Besides On Stranger Tides, I feel on fairly safe ground in surmising that George MacDonald Fraser's satirical pirate novel The Pyrates was something Ron Gilbert read while brainstorming MI1 - mainly because the book's hero is a dashing Royal Navy man named Ben Avery, meant to be a younger version of the infamous historical pirate Henry Every, who seized the Mughal Emperor's treasure ship Ganj-i-Sawai (along with its escort ship the Fateh Muhammad), packed with many of the Emperor's close relatives who suffered great violence, while the ships were sailing back to India from a pilgrimage to Mecca. What happened to the real Henry Every after the raid is uncertain; as far as can be surmised, he seems to be one of the rare pirates who "got away with it".

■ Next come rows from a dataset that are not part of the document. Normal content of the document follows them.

From mathcomp Require Import all_boot all_algebra all_fingroup.
From mathcomp Require Import zify ring.
From Stdlib Require Import Classical.
Import GRing.Theory Num.Theory.
Set Implicit Arguments. Unset Strict Implicit. Unset Printing Implicit Defensive.

(* Every alpha in I N^n_oo (n >= 2) is the restriction of the inverse of a
   coordinate permutation pi, and sigma_l = sigma_r = pi. Points far from the
   origin lie in dom alpha, so a base point p0 and its neighbours p0 + e_i
   have images; by isometry the vectors alpha(p0 + e_i) - alpha(p0) form an
   orthonormal integer frame, i.e. a signed permutation of the standard basis,
   and polarization makes alpha affine with this linear part. Points of
   dom alpha, resp. ran alpha, with i-th coordinate 1 (they exist because
   n >= 2 lets another coordinate be large) force every sign to be + and the
   translation to vanish. For uniqueness, a unit is an isometry of N^n, hence
   determined by its values far out, where idempotency forces it to agree
   with pi. *)

Section IntegerGeometry.
Variable n : nat.
Local Open Scope ring_scope.
Implicit Types (x y z p w : pt n) (u v : 'I_n -> int).

Definition dz x y (j : 'I_n) : int := (x j)%:Z - (y j)%:Z.
Definition dotz u v : int := \sum_j u j * v j.

Lemma dotzC u v : dotz u v = dotz v u.
Proof. by apply: eq_bigr => j _; rewrite mulrC. Qed.

Lemma absdiff_sq a b : (absdiff a b ^ 2)%N%:Z = (a%:Z - b%:Z) ^+ 2.
Proof. by rewrite /absdiff expr2; case: (leqP a b) => h; nia. Qed.

Lemma d2E x y : (d2 x y)%:Z = dotz (dz x y) (dz x y).
Proof.
rewrite /d2 -natz natr_sum; apply: eq_bigr => j _.
by rewrite natz absdiff_sq expr2.
Qed.

Lemma dotz_polar x y p :
  2 * dotz (dz x p) (dz y p) = (d2 x p)%:Z + (d2 y p)%:Z - (d2 x y)%:Z.
Proof.
rewrite !d2E /dotz mulr_sumr -big_split -sumrB /=.
by apply: eq_bigr => j _; rewrite /dz; ring.
Qed.

Definition shiftp w (i : 'I_n) : pt n := [ffun j => (w j + (j == i))%N].

Lemma dz_shift_self w i : dz (shiftp w i) w i = 1.
Proof. by rewrite /dz ffunE eqxx PoszD addrAC subrr. Qed.

Lemma dotz_dz_shift w i u : dotz (dz (shiftp w i) w) u = u i.
Proof.
rewrite /dotz (bigD1 i) //= dz_shift_self mul1r big1 ?addr0 // => j /negbTE ji.
by rewrite /dz ffunE ji addn0 subrr mul0r.
Qed.

Lemma d2_shift x w i :
  (d2 x (shiftp w i))%:Z = (d2 x w)%:Z + 1 - 2 * dz x w i.
Proof.
have := dotz_polar x (shiftp w i) w.
rewrite [Posz (d2 (shiftp w i) w)]d2E dotzC !dotz_dz_shift dz_shift_self.
by move=> ->; ring.
Qed.

Lemma eq_pt_of_far_d2 x z (K : nat) :
  (forall w, (forall j, K <= w j)%N -> d2 x w = d2 z w) -> x = z.
Proof.
move=> eq_d2; apply/ffunP => j.
pose w : pt n := [ffun=> K].
have far_w : forall k, (K <= w k)%N by move=> k; rewrite ffunE.
have far_wj : forall k, (K <= shiftp w j k)%N by move=> k; rewrite !ffunE leq_addr.
move: (eq_d2 _ far_w) (eq_d2 _ far_wj) => /(congr1 Posz) e0 /(congr1 Posz).
rewrite !d2_shift e0 /dz => e1.
have : (x j)%:Z = (z j)%:Z by lia.
by case.
Qed.

Definition signed_unit u (k : 'I_n) : Prop :=
  (u k = 1 \/ u k = -1) /\ forall j, j != k -> u j = 0.

Lemma dotz_signed_unit u v k : signed_unit v k -> dotz u v = u k * v k.
Proof.
move=> [_ v0]; rewrite /dotz (bigD1 k) //= big1 ?addr0 // => j /v0 ->.
by rewrite mulr0.
Qed.

Lemma mul_self_ge0 (c : int) : 0 <= c * c.
Proof. by rewrite -expr2 sqr_ge0. Qed.

Lemma dotz_self_eq1 u : dotz u u = 1 -> exists k, signed_unit u k.
Proof.
have [k uk | u0] := pickP (fun j => u j != 0); last first.
  by rewrite /dotz big1 // => j _; move/negbFE/eqP: (u0 j) => ->.
rewrite /dotz (bigD1 k) //=; set rest := \sum_(j < n | j != k) _ => uu1.
have rest_ge0 : 0 <= rest by apply: sumr_ge0 => j _; apply: mul_self_ge0.
have uk_ge1 : 1 <= u k * u k by move: uk; nia.
have rest0 : rest = 0 by lia.
exists k; split; first by move: uu1; rewrite rest0; nia.
move=> j jk; have /eqP := psumr_eq0P (fun i _ => mul_self_ge0 (u i)) rest0 jk.
by rewrite mulf_eq0 orbb => /eqP.
Qed.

The early design documents for MI1 describe the protagonist (then called "Smear West") as a pirate who seized a treasure fleet and then became a has-been from retelling the story a bunch of times, much like Guybrush in MI2 with killing LeChuck. That detail as presented in the design documents seems to be specifically modeled on Henry Every's career (few pirates ever seized prizes as rich as Every's), and the idea of seeing such an otherwise famous protagonist at different times in his life feels like something Gilbert might have picked up from Fraser's novel (though in this case taking inspiration from the unknown "after" of Every's career rather than the "before").
The early name of Largo LaGrande, "Lord Jack", also suggests a possible connection with Joseph Conrad's novel Lord Jim, about a disgraced sailor who ultimately finds redemption through death. Whatever bearing such a story might have on a planned storyline for Largo I couldn't say.